Collected data entries
▬▬▬▬▬▬▬▬▬▬
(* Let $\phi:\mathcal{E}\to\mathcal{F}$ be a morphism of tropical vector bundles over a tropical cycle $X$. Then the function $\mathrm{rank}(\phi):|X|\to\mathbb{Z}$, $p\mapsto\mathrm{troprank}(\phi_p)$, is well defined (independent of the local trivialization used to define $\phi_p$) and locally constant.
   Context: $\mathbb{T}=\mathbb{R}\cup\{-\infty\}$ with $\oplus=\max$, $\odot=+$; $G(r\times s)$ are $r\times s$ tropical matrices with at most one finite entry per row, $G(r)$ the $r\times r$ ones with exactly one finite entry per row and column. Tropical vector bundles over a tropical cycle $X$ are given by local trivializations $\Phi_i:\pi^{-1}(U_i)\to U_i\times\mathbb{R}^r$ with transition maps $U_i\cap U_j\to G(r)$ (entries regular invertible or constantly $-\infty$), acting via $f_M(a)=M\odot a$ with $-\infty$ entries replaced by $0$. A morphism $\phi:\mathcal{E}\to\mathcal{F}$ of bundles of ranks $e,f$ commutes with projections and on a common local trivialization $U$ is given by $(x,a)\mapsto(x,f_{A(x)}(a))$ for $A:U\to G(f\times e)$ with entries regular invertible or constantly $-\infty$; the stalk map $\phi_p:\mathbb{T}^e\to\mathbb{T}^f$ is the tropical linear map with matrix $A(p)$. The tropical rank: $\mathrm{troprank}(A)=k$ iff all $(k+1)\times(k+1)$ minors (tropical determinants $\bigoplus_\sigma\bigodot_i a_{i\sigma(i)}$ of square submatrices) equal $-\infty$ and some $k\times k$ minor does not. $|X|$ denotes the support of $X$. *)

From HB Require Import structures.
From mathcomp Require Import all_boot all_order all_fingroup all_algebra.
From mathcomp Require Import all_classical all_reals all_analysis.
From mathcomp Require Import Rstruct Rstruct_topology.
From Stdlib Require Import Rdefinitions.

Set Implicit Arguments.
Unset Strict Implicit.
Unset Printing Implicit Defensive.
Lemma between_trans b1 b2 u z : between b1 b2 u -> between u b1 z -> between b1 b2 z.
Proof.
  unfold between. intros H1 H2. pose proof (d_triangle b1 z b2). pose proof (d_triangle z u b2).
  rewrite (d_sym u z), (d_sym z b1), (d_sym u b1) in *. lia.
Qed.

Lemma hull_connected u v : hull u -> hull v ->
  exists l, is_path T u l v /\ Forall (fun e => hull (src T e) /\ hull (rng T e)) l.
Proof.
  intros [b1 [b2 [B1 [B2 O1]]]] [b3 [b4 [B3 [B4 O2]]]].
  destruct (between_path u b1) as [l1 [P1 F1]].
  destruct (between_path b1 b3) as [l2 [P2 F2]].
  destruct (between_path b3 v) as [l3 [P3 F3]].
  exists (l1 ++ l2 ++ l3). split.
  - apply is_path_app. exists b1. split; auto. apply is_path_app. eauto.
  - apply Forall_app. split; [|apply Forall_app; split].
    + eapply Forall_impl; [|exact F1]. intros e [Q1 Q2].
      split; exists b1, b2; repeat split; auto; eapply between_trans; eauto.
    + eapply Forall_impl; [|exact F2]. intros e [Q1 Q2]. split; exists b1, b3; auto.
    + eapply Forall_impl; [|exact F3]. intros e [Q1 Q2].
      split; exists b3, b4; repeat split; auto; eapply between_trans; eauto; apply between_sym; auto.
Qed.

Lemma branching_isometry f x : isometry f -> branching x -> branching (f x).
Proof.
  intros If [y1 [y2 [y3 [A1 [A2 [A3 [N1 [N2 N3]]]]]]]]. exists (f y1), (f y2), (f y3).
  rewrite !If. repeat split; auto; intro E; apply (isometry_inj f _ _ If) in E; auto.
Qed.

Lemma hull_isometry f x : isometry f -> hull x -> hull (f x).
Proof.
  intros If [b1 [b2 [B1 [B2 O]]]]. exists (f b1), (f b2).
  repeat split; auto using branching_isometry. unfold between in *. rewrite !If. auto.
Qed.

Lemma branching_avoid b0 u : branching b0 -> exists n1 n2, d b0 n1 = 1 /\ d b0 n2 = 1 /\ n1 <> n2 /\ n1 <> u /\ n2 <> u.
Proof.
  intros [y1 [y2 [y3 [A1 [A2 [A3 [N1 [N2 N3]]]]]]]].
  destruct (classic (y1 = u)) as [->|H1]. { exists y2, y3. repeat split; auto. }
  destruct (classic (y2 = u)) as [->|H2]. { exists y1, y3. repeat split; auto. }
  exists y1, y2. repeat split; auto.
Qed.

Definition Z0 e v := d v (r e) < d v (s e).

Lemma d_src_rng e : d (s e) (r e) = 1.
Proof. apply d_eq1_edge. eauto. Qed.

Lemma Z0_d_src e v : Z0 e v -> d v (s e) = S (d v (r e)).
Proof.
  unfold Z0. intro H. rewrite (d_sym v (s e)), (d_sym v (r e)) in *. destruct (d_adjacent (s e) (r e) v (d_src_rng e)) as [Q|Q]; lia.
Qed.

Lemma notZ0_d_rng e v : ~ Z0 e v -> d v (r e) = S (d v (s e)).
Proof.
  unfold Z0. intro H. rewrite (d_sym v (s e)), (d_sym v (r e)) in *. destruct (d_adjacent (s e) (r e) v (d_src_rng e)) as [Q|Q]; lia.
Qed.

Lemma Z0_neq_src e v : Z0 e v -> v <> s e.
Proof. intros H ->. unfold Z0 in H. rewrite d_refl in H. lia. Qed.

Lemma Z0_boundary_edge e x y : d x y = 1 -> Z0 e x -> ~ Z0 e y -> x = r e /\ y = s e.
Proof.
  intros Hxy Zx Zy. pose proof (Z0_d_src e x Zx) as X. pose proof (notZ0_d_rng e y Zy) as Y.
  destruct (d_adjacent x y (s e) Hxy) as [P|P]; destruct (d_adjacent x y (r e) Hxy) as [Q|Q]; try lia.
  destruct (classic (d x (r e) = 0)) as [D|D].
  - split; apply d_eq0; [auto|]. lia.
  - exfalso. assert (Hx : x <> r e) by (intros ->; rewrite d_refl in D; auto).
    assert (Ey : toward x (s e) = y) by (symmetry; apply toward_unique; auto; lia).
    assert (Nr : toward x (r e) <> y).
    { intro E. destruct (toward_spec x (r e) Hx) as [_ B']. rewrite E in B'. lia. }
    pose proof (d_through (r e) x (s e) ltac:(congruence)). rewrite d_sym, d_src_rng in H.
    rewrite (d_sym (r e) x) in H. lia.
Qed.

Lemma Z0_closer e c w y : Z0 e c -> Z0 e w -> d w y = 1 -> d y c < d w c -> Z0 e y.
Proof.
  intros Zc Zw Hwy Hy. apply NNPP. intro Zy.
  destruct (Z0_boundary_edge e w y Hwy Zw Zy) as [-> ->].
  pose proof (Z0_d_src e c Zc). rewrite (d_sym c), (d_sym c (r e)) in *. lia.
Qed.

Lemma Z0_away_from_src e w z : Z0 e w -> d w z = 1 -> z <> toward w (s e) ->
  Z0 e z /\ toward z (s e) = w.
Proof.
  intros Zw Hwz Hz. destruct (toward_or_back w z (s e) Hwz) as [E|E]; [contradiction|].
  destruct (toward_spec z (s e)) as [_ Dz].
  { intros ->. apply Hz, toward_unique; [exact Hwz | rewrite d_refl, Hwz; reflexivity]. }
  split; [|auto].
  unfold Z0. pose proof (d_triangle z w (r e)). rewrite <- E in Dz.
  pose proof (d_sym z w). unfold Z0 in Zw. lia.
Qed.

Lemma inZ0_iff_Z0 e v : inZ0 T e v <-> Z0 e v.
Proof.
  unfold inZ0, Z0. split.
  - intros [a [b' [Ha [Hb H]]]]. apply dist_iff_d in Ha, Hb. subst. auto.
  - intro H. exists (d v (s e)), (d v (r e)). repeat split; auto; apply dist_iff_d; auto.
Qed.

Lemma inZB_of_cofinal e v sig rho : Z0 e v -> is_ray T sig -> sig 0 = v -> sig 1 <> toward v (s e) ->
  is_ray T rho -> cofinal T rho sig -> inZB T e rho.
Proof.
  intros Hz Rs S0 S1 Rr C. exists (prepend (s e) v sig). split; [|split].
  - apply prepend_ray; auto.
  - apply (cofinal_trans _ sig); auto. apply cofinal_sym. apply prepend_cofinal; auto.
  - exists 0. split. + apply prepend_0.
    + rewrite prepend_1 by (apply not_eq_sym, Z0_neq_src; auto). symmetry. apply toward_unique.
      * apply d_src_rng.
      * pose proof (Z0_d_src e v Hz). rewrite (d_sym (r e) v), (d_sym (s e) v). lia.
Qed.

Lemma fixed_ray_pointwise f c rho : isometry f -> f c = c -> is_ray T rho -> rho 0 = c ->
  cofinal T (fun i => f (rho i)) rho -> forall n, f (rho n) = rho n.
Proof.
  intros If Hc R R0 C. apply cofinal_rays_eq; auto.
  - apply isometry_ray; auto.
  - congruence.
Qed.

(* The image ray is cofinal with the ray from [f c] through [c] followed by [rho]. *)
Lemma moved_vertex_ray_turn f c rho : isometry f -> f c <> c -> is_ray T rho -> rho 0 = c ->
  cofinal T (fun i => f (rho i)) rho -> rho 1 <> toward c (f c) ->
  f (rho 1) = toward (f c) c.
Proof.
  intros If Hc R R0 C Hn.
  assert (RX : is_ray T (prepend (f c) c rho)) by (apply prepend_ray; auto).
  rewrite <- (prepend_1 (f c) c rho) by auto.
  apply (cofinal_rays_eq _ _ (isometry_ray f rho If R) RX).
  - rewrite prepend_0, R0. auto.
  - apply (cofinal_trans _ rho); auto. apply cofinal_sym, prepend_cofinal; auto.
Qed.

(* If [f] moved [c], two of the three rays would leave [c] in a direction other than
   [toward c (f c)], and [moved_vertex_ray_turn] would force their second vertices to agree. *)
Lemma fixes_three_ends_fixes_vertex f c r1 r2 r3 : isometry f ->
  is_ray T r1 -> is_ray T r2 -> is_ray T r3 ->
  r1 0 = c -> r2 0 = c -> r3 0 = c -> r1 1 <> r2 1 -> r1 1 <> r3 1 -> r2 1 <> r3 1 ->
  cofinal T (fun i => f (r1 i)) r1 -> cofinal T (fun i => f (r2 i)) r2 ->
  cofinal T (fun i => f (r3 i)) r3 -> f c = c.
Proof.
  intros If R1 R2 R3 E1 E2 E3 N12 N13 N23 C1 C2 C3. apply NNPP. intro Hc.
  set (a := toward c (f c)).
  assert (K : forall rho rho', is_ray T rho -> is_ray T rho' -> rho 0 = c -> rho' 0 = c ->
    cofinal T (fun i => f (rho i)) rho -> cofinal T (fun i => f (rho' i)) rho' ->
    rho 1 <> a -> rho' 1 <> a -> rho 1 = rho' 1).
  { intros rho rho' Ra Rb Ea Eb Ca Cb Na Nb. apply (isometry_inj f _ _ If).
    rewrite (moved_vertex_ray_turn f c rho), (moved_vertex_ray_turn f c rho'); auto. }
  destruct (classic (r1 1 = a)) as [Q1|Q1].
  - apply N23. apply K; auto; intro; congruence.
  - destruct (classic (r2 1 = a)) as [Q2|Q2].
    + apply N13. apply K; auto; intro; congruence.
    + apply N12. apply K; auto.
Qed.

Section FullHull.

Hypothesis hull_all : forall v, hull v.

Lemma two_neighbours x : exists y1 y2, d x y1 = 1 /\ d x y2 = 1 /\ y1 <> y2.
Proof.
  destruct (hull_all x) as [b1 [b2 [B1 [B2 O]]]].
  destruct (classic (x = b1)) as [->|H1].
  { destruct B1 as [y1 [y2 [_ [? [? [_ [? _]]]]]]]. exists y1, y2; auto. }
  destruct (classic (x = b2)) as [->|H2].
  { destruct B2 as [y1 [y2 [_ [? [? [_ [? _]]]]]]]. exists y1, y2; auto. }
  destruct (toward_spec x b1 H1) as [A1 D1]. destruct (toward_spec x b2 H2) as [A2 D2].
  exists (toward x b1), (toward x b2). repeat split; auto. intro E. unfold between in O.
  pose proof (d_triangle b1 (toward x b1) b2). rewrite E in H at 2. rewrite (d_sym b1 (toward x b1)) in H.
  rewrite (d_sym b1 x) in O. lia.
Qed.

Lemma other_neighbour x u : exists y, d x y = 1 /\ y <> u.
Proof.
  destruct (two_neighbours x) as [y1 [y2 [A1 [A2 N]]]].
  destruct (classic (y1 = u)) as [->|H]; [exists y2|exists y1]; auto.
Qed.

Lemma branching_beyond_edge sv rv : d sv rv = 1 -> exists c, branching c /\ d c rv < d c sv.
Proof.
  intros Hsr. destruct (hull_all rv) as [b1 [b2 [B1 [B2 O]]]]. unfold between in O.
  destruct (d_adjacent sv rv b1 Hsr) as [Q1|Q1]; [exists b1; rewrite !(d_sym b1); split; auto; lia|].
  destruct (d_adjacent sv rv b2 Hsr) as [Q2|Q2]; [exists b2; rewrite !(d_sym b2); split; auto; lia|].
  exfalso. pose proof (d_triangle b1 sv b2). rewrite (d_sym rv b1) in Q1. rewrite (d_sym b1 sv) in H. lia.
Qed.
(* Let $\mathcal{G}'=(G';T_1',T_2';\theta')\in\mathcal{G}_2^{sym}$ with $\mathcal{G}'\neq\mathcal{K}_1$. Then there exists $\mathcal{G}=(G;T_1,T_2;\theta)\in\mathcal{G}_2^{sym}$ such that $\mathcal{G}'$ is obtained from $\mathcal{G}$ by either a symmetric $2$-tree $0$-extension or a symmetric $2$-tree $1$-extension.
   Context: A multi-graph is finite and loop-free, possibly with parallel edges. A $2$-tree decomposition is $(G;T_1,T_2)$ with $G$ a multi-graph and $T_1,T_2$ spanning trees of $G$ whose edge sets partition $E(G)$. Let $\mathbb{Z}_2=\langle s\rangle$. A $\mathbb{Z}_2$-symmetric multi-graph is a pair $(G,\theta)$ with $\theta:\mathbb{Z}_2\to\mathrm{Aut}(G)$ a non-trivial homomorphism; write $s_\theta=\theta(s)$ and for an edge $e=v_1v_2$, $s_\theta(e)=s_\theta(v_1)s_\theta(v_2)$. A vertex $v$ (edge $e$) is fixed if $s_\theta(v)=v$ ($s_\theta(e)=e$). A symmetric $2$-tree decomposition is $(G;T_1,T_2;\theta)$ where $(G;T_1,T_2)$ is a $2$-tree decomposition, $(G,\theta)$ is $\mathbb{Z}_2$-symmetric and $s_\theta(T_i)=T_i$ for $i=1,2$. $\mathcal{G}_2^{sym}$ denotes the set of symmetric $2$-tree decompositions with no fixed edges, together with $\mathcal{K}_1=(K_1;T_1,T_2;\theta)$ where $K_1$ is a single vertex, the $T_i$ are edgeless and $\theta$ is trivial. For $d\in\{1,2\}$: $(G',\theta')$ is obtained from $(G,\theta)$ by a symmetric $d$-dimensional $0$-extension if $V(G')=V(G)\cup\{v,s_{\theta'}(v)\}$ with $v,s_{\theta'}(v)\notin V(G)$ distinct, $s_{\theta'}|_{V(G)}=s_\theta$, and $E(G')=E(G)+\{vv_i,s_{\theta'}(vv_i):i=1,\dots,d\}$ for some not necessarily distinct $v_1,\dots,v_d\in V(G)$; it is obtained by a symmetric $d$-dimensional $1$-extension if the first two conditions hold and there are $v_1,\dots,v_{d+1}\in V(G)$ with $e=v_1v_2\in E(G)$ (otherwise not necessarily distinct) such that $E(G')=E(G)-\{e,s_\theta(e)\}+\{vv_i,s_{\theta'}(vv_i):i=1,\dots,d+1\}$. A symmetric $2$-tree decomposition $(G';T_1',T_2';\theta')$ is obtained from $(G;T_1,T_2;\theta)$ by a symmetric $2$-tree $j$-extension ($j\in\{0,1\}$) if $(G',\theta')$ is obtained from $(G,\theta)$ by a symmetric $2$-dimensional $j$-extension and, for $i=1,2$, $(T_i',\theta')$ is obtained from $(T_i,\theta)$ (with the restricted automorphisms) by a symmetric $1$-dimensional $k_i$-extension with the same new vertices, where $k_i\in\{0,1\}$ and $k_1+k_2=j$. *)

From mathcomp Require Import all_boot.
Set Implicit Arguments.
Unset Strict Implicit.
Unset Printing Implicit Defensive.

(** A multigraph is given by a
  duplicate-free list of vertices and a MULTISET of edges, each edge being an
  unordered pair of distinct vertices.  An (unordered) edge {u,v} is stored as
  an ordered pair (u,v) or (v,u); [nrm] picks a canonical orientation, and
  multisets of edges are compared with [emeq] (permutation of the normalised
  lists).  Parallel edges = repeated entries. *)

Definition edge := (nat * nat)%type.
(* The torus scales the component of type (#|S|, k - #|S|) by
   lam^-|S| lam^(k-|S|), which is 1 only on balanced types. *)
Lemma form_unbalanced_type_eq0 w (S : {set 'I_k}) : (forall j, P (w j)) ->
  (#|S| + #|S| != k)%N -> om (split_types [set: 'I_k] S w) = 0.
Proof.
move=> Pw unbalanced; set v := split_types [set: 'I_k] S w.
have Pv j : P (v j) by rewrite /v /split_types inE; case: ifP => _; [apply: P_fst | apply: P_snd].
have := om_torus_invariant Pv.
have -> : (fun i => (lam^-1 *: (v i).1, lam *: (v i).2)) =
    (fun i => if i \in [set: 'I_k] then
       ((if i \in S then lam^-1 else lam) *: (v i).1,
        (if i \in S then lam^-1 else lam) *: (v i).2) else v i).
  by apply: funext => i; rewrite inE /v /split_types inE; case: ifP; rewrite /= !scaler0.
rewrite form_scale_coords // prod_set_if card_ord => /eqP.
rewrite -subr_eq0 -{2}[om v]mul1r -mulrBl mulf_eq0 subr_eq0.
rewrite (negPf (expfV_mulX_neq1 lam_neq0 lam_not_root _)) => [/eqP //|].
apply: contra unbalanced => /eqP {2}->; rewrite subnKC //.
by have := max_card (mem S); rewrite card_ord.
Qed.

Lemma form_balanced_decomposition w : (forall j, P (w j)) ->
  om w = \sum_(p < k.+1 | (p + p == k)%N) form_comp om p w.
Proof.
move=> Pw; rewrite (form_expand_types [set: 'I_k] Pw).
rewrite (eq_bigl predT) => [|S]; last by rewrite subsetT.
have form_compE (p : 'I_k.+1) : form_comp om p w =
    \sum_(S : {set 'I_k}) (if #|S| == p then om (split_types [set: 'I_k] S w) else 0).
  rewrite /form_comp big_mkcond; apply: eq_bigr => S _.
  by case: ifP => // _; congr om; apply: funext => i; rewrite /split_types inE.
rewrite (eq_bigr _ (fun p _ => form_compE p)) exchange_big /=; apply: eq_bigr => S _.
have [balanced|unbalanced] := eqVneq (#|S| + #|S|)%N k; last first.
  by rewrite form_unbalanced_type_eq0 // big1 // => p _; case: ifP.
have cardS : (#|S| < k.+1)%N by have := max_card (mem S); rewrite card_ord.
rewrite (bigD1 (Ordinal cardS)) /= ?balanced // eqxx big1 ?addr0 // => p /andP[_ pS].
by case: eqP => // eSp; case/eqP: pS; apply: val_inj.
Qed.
▬▬▬▬▬▬▬▬▬▬
What you need to do
Retype exactly the lines above, from the one with "Section FullHull." through the one with "destruct (classic (x = b2)) as [->|H2].", inclusive.

Result
Section FullHull.

Hypothesis hull_all : forall v, hull v.

Lemma two_neighbours x : exists y1 y2, d x y1 = 1 /\ d x y2 = 1 /\ y1 <> y2.
Proof.
  destruct (hull_all x) as [b1 [b2 [B1 [B2 O]]]].
  destruct (classic (x = b1)) as [->|H1].
  { destruct B1 as [y1 [y2 [_ [? [? [_ [? _]]]]]]]. exists y1, y2; auto. }
  destruct (classic (x = b2)) as [->|H2].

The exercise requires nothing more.